I got my FG-180 (red label but not a Nippon-Gaki..sigh),
back in '75, and yes, I too thought it was crap,
until ten yrs later, when an old timer showed
me how to adjust the truss rod.


----------



## shoretyus (Jan 6, 2007)

just posted the other day.... 
I have a yammi 450 s first geetar in 20 yrs that I wanted to own. Lovely thing 

pr


----------



## Antz_Marchin (Mar 31, 2006)

Play a Taylor next, then post how the Yahama feels.


----------



## bRian (Jul 3, 2006)

Yamaha has quite an extensive line of great sounding guitars. I picked up a used LD10S a few years ago. Several of my friends have Yamaha acoustics, never heard a bad one yet. The LL series are great sounding guitars too. A local guitar legend, J.P. Cormier uses Yamaha guitars. If you are ever in a shop that carries the Yamaha LL16, give it a go, you'll be pleasantly surprised.


----------



## DaveyJayEn (Jun 2, 2007)

I've got a Yamaha classical that belonged to my dad, it's 30 years old and plays just beautifully. It's quite resonant and bassy in tone. I love the thing. I've only tried a couple of Yamaha electrics, wasn't really impressed. I haven't tried any steel-strings yet. All I know is that the older classicals are nice guitars.


----------



## Mooh (Mar 7, 2007)

The regretable thing for Yamaha and many other makers is that they put their valued name on everything from cheap crapola trinkets to very high end bling. Yamaha's latest catalogue has some very (and I do mean very) nice guitars listed, both electrics and acoustics. 

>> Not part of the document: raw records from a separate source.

(* Let $N\ge 0$ be an integer, let $h>0$, and let $T^{(i-1)},T^{(i)},T^{(i+1)}$ be three consecutive closed intervals of length $h$ on the real line (so $T^{(i-1)}=[x_{i-1/2}-h,x_{i-1/2}]$, $T^{(i)}=[x_{i-1/2},x_{i+1/2}]$, $T^{(i+1)}=[x_{i+1/2},x_{i+1/2}+h]$ with $x_{i+1/2}-x_{i-1/2}=h$), and let $\mathcal{S}^{(i)}=T^{(i-1)}\cup T^{(i)}\cup T^{(i+1)}$. For each $j\in\{i-1,i,i+1\}$ let $v^{(j)}$ be a given real polynomial of degree at most $N$ on $T^{(j)}$. Then there exists exactly one real polynomial $w$ of degree at most $M=3N+2$ on $\mathcal{S}^{(i)}$ such that $$\int_{T^{(j)}} w(x)\,\varphi(x)\,dx=\int_{T^{(j)}} v^{(j)}(x)\,\varphi(x)\,dx\qquad\text{for every polynomial }\varphi\text{ of degree at most }N\text{ and every } j\in\{i-1,i,i+1\}.$$ Equivalently, in matrix form: let $P_k$ denote the Legendre polynomial of degree $k$ on $[-1,1]$, set $a_{k,\ell}=\int_{-1}^1 P_k(s)P_\ell(s+2)\,ds$, $b_{k,\ell}=(-1)^{k+\ell}a_{k,\ell}$ and $c_{k,\ell}=\tfrac12(a_{k,\ell}+b_{k,\ell})$. Then the $(2N+2)\times(2N+2)$ matrix $B$ whose first $N+1$ rows are $(a_{k,N+1},\dots,a_{k,3N+2})$, $k=0,\dots,N$, and whose last $N+1$ rows are $(c_{k,N+1},\dots,c_{k,3N+2})$, $k=0,\dots,N$, is invertible, and consequently the reconstruction problem above has a unique solution.
   Context: This is the ''reconstruction'' (inverse $L^2$-projection) step of $P_NP_M$ schemes on the three-cell central stencil: the reconstructed polynomial $w$ of degree $M$ on the whole stencil is required to have the same moments as the given piecewise polynomial data of degree $N$ on each of the three cells, tested against all polynomials of degree at most $N$. The Legendre polynomials $P_k$ are the standard ones on $[-1,1]$ (orthogonal in $L^2(-1,1)$, $\int_{-1}^1 P_k^2=2/(2k+1)$). *)

From mathcomp Require Import all_boot all_order all_algebra.
Set Implicit Arguments. Unset Strict Implicit. Unset Printing Implicit Defensive.
Import Order.TTheory GRing.Theory Num.Theory.
Local Open Scope ring_scope.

It's not fair or true to characterize all Yamaha instruments as horrible.

Peace, Mooh.


----------



## AcousticAl (Mar 22, 2007)

I started playing just two years ago and my first guitar was a solid top Yamaha with laminate back and sides. Definitely not the most hip or cool guitar. I didn't want to spend too much money on my first guitar in case I gave up playing. The action was really high and I put medium gauge strings on it, so my fingers have been exercised since day one. Every guitar I've played since has been really easy on my fingers.

I think my Yamaha is a solidly crafted, quality instrument for any beginner. The intonation is great and it stays in tune for days. Another guitar that I would consider for a beginner would be a Seagull S6. 

Overall, I'm really happy with my Yamaha experience. It has helped open up a whole new world that was previously foreign to me. :banana:

Cheers,
Al


----------



## TO4ST (Dec 26, 2006)

I have a 1968 Nippon Gakki FG-150 and absolutely adore it. I bought it for $35 from someone who thought that Yamaha was a poor brand... their loss.


----------